Example 2, general text tokenization (pre-tokenization on

punctuation and whitespace followed by WordPiece tokenization):

>>> vocab = ["they", "##'", "##re", "the", "great", "##est", "[UNK]",
...          "'", "re"]
>>> tokenizer = FastWordpieceTokenizer(vocab, token_out_type=tf.string)
>>> tokens = [["they're the greatest", "the greatest"]]
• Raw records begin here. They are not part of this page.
(* For every integer $n\ge0$, the Hankel determinants $D_0(n,s,q)=\det\big(F(2i+2j,s,q)\big)_{i,j=0}^n$ and $D_1(n,s,q)=\det\big(F(2i+2j+1,s,q)\big)_{i,j=0}^n$ satisfy $$D_0(n,s,q)=D_0(n,0,q)\prod_{j=0}^n\Big((s-q^{2j})(s-q^{2j+1})\Big(s-\frac{1}{q^{2j}}\Big)\Big(s-\frac{1}{q^{2j+1}}\Big)\Big)^{n-j},$$ $$D_1(n,s,q)=D_1(n,0,q)\,(1-s)^{n+1}\prod_{j=0}^n\Big((s-q^{2j+2})(s-q^{2j+1})\Big(s-\frac{1}{q^{2j+2}}\Big)\Big(s-\frac{1}{q^{2j+1}}\Big)\Big)^{n-j}.$$
   Context: $q,s$ are indeterminates. $(x;q)_n=\prod_{j=0}^{n-1}(1-q^jx)$. The Gaussian binomial coefficient is $\begin{bmatrix} n\\ j\end{bmatrix}_q=\frac{(q;q)_n}{(q;q)_j(q;q)_{n-j}}$ for $0\le j\le n$ and $0$ otherwise. $F(n,s,q)=\dfrac{\sum_{j=0}^n(-s)^j\begin{bmatrix} n\\ j\end{bmatrix}_{q}}{(q;q^2)_{\lfloor (n+1)/2\rfloor}}$. $D_0(n,0,q)$ and $D_1(n,0,q)$ denote the respective determinants at $s=0$. *)

From HB Require Import structures.
From mathcomp Require Import all_boot all_order all_algebra.
Set Implicit Arguments. Unset Strict Implicit. Unset Printing Implicit Defensive.
Import Order.TTheory GRing.Theory Num.Theory.
Local Open Scope ring_scope.

Section Defs.
Variable K : fieldType.

Definition qpoch (x q : K) (n : nat) : K := \prod_(j < n) (1 - q ^+ j * x).

Definition qbinom (q : K) (n j : nat) : K :=
  if (j <= n)%N then qpoch q q n / (qpoch q q j * qpoch q q (n - j)) else 0.

Definition Ffun (n : nat) (s q : K) : K :=
  (\sum_(j < n.+1) (- s) ^+ j * qbinom q n j) / qpoch q (q ^+ 2) (n.+1)./2.

Definition D0 (n : nat) (s q : K) : K :=
  \det (\matrix_(i < n.+1, j < n.+1) Ffun (2 * i + 2 * j) s q).
Definition D1 (n : nat) (s q : K) : K :=
  \det (\matrix_(i < n.+1, j < n.+1) Ffun (2 * i + 2 * j + 1) s q).
End Defs.

(* The field Q(q)(s) of rational functions in two indeterminates q, s. *)
Definition Kq : fieldType := {fraction {poly rat}}.
Definition Kqs : fieldType := {fraction {poly Kq}}.
Definition qvar : Kqs := tofrac (polyC (tofrac ('X : {poly rat}) : Kq)).
Definition svar : Kqs := tofrac ('X : {poly Kq}).

(* Expanding (-s)^l in the q-falling factorials prod_{k<i} (s - q^k) and
   evaluating Gauss's alternating sum of Gaussian coefficients writes
   F(2r,s,q) and F(2r+1,s,q)/(1-s) as the moments L(x^r) of linear
   functionals L that are explicit on the basis P_a = prod_{k<a} (x - q^(2k)).
   Expanding x^r also in the basis Q_b = prod_{k<b} (x - s^2 q^(2k)) factors
   each Hankel matrix as A M B^T with A, B unitriangular and
   M_{ab} = L(P_a Q_b).  These entries obey the recurrence
   M_{a+1,b} = M_{a,b+1} + (s^2 q^(2b) - q^(2a)) M_{ab}, whose solution is
   c_{ab} N_a(s) V_b(s), where N_a(s) = prod_{t<2a} (s - q^(t+e)),
   V_b(s) = prod_{t<2b} (s - q^-(t+e)) (e = 0 or 1 is the parity) and
   c_{ab} is free of s; hence
   det M = prod_a N_a(s) V_a(s) * det c, and N_a(0) V_a(0) = 1 identifies
   det c with the value at s = 0. *)
From HB Require Import structures.
From mathcomp Require Import all_boot all_order all_algebra.
From mathcomp Require Import ring zify.
Set Implicit Arguments. Unset Strict Implicit. Unset Printing Implicit Defensive.
Import GRing.Theory.
Local Open Scope ring_scope.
>>> subtokens, starts, ends = tokenizer.tokenize_with_offsets(tokens)
>>> subtokens
<tf.RaggedTensor [[[b'they', b"'", b're', b'the', b'great', b'##est'],
                   [b'the', b'great', b'##est']]]>
>>> starts
<tf.RaggedTensor [[[0, 4, 5, 8, 12, 17], [0, 4, 9]]]>
>>> ends
<tf.RaggedTensor [[[4, 5, 7, 11, 17, 20], [3, 9, 12]]]>
Args
`input` An N-dimensional `Tensor` or `RaggedTensor` of UTF-8 strings.
Returns
A tuple `(tokens, start_offsets, end_offsets)` where:
`tokens` is a `RaggedTensor`, where `tokens[i, j]` is the j-th token (i.e., wordpiece) for `input[i]` (i.e., the i-th input word). This token is either the actual token string content, or the corresponding integer id, i.e., the index of that token string in the vocabulary. This choice is controlled by the `token_out_type` parameter passed to the initializer method. start_offsets[i1...iN, j]: is a `RaggedTensor` of the byte offsets for the inclusive start of the `jth` token in `input[i1...iN]`. end_offsets[i1...iN, j]: is a `RaggedTensor` of the byte offsets for the exclusive end of the `jth` token in `input[i`...iN]` (exclusive, i.e., first byte after the end of the token).